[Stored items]
▬▬▬▬▬▬▬▬▬▬

Lemma is_derive_coord (R : realType) (N : nat) (y v : 'rV[R]_N) l :
  is_derive y v (fun z : 'rV[R]_N => z ord0 l) (v ord0 l).
Proof.
apply/is_derive_lineP.
have -> : (fun h : R => (h *: v + y) ord0 l) = (fun h => v ord0 l * h + y ord0 l).
  by apply/funext => h; rewrite !mxE mulrC.
apply: is_derive_eq (is_deriveD_fun (is_deriveM_fun (is_derive_cst_fun _ _ _)
  (is_derive_id _ _)) (is_derive_cst_fun _ _ _)) _.
by rewrite mulr1 mulr0 !addr0.
Qed.

Ltac derive_tac := lazymatch goal with
 | |- is_derive _ _ (fun _ => ?c) _ => exact: is_derive_cst_fun
 | |- is_derive _ _ (fun z => z) _ => exact: is_derive_id
 | |- is_derive _ _ (fun z => _ * _) _ => apply: is_deriveM_fun; derive_tac
 | |- is_derive _ _ (fun z => _ + _) _ => apply: is_deriveD_fun; derive_tac
 | |- is_derive _ _ (fun z => - _) _ => apply: is_deriveN_fun; derive_tac
 | |- is_derive _ _ (fun z => _ ^+ _) _ => apply: is_deriveX_fun; derive_tac
 | |- is_derive _ _ (fun z => \sum_(i < _) _) _ =>
     apply: is_derive_sum_fun => ?; derive_tac
 | |- is_derive _ _ (fun z => fun_of_matrix z ord0 _) _ => exact: is_derive_coord
 | |- is_derive _ _ (fun z => expR _) _ =>
     apply: is_derive_comp_real (is_derive_expR _); derive_tac
 | _ => eassumption
 end.

(* [is_derive] is a type class: instance search may solve premises on its own and return
   derivatives written with [*:], which are unfolded to products before [ring]/[field]. *)
Ltac derive_eq := lazymatch goal with
  | |- is_derive ?x ?v ?F ?d0 =>
      let T := type of d0 in let d := fresh "d" in let D := fresh "D" in
      evar (d : T);
      assert (D : is_derive x v F d) by derive_tac;
      apply: is_derive_eq D _; rewrite {}/d /= -?[_ *: _]/(_ * _)
  end.

Lemma sqr_enorm (R : realType) (N : nat) (y : 'rV[R]_N) :
  enorm y ^+ 2 = \sum_(l < N) y ord0 l ^+ 2.
Proof. by rewrite /enorm sqr_sqrtr // sumr_ge0 // => l _; rewrite sqr_ge0. Qed.

Section HeatTime.
Variables (R : realType) (N : nat).
Hypothesis N_gt0 : (0 < N)%N.

Local Notation ej j := (delta_mx ord0 j : 'rV[R]_N).

Definition htime (y : 'rV[R]_N) : R := enorm y ^+ 2 / (2 * N%:R).

Let N_neq0 : N%:R != 0 :> R. Proof. by rewrite pnatr_eq0 -lt0n. Qed.

Lemma sum_sqr_coord (y : 'rV[R]_N) : \sum_(l < N) y ord0 l ^+ 2 = 2 * N%:R * htime y.
Proof. by rewrite -sqr_enorm /htime; field. Qed.

Lemma htimeE : htime = fun y => \sum_(l < N) (2 * N%:R)^-1 * y ord0 l ^+ 2.
Proof.
by apply/funext => y; rewrite -mulr_sumr -sqr_enorm /htime mulrC.
Qed.

Lemma is_derive_htime (y : 'rV[R]_N) j : is_derive y (ej j) htime (y ord0 j / N%:R).
Proof.
rewrite htimeE; derive_eq.
rewrite (bigD1 j) //= big1 => [|l /negbTE lj]; last by rewrite mxE lj andbF !mulr0 addr0.
by rewrite mxE !eqxx /=; field.
Qed.

Lemma htime_near_gt0 (y : 'rV[R]_N) : 0 < htime y -> \forall z \near y, 0 < htime z.
Proof.
have htime_cont : {for y, continuous htime}.
  apply: differentiable_continuous; rewrite htimeE.
  have -> : (fun z : 'rV[R]_N => \sum_(l < N) (2 * N%:R)^-1 * z ord0 l ^+ 2) =
      \sum_(l < N) (cst (2 * N%:R)^-1 * (fun z : 'rV[R]_N => z ord0 l) ^+ 2).
    by apply/funext => z; rewrite fct_sumE; apply: eq_bigr => l _; rewrite /= exprfctE.
  apply: differentiable_sum => l.
  exact/differentiableM/differentiableX/differentiable_coord.
exact: (cvgr_gt _ htime_cont).
Qed.
Lemma closed_form_le_minS k t :
  (1 - eps) ^+ k * ('C(delta, p))%:R ^+ k
    / ('C(delta * k - p * k + t + p, t + p))%:R <= minS delta p eps k t.
Proof.
set C := 'C(delta, p); set B := 'C(_, _); set q := (1 - eps) * C%:R.
have B_gt0 : (0 < B)%N by rewrite bin_gt0 -addnA leq_addl.
have q_ge0 : 0 <= q.
  have := gamma_gt1 _ p_gt0; rewrite /gamma p_gt0 addn0 bin0 divr1 => /ltW.
  exact/le_trans/ler01.
rewrite -exprMn -/q; apply: le_minS => kk S_kk.
pose P := (\prod_(e < p.+1) 'C(delta - p + e, e) ^ kk e)%N.
have P_gt0 : (0 < P)%N.
  by rewrite prodn_gt0 // => e; rewrite expn_gt0 bin_gt0 leq_addl.
apply: le_trans (_ : _ <= q ^+ k / P%:R) _.
  rewrite ler_wpM2l ?exprn_ge0 // lef_pV2 ?posrE ?ltr0n // ler_nat.
  exact: leq_prod_bin_Sktp.
have <- : \prod_(e < p.+1) (q / ('C(delta - p + e, e))%:R) ^+ kk e = q ^+ k / P%:R.
  rewrite (eq_bigr (fun e : 'I_p.+1 => q ^+ kk e / ('C(delta - p + e, e) ^ kk e)%:R)).
    by rewrite prodf_div prodrXr natr_prod; case/andP: S_kk => /eqP->.
  by move=> e _; rewrite expr_div_n natrX.
apply: ler_prod => e _; rewrite exprn_ge0 ?divr_ge0 ?ler0n //=.
apply: lerXn2r; rewrite ?nnegrE ?divr_ge0 ?ler0n //.
  exact: le_trans ler01 (gamma_ge1 gamma_gt1 e).
exact: gamma_ge_ratio (leq_ord e).
Qed.

End ClosedForm.

Theorem lemma2 (R : realType) (delta p : nat) (eps : R) :
  (0 < p)%N -> (p < delta)%N -> 0 < eps ->
  (forall e : nat, (e < p)%N -> 1 < gamma delta p eps e) ->
  let A : nat := `| Num.ceil (('C(delta, p))%:R / eps) |%N in
  forall t k : nat, (t <= delta * k)%N ->
    Num.floor (A%:R * minS delta p eps k t) <= (Mzf (A + delta * k) t)%:Z
    /\ A%:R * ((1 - eps) ^+ k * ('C(delta, p))%:R ^+ k
               / ('C(delta * k - p * k + t + p, t + p))%:R) - 1
       <= (Mzf (A + delta * k) t)%:R.
Proof.
move=> p_gt0 p_lt_delta eps_gt0 gamma_gt1 A t k le_t.
set M := Mzf _ t; set x := A%:R * minS delta p eps k t.
have A_large : ('C(delta, p))%:R <= eps * A%:R.
  have ratio_ge0 : 0 <= ('C(delta, p))%:R / eps by rewrite divr_ge0 ?ler0n ?ltW.
  rewrite -ler_pdivrMl // mulrC /A natr_absz ger0_norm ?ceil_ge // ceil_ge0.
  by apply: lt_le_trans ratio_ge0; rewrite ltrN10.
have x_ge0 : 0 <= x by rewrite mulr_ge0 ?ler0n // (le_trans ler01) ?minS_ge1.
have le_M : (Num.truncn x <= M)%N.
  apply/leq_Mzf/(admits_of_minS p_lt_delta eps_gt0 gamma_gt1 A_large _ _ _ le_t).
  by rewrite truncn_le.
have lt_x : x < M.+1%:R.
  by apply: lt_le_trans (truncnS_gt x) _; rewrite ler_nat ltnS.
split.
  by rewrite -ltzD1 floor_lt_int (_ : (M%:Z + 1)%:~R = M.+1%:R) // intrD -natr1.
rewrite lerBlDr natr1; apply/ltW/(le_lt_trans _ lt_x).
by rewrite ler_wpM2l ?ler0n ?closed_form_le_minS.
Qed.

▬▬▬▬▬▬▬▬▬▬

Work item |
Give only the lines from the one holding "A%:R * ((1 - eps)" through the one holding "have ratio_ge0 : 0", each restated exactly as it appears above.

Finished exercise |
    /\ A%:R * ((1 - eps) ^+ k * ('C(delta, p))%:R ^+ k
               / ('C(delta * k - p * k + t + p, t + p))%:R) - 1
       <= (Mzf (A + delta * k) t)%:R.
Proof.
move=> p_gt0 p_lt_delta eps_gt0 gamma_gt1 A t k le_t.
set M := Mzf _ t; set x := A%:R * minS delta p eps k t.
have A_large : ('C(delta, p))%:R <= eps * A%:R.
  have ratio_ge0 : 0 <= ('C(delta, p))%:R / eps by rewrite divr_ge0 ?ler0n ?ltW.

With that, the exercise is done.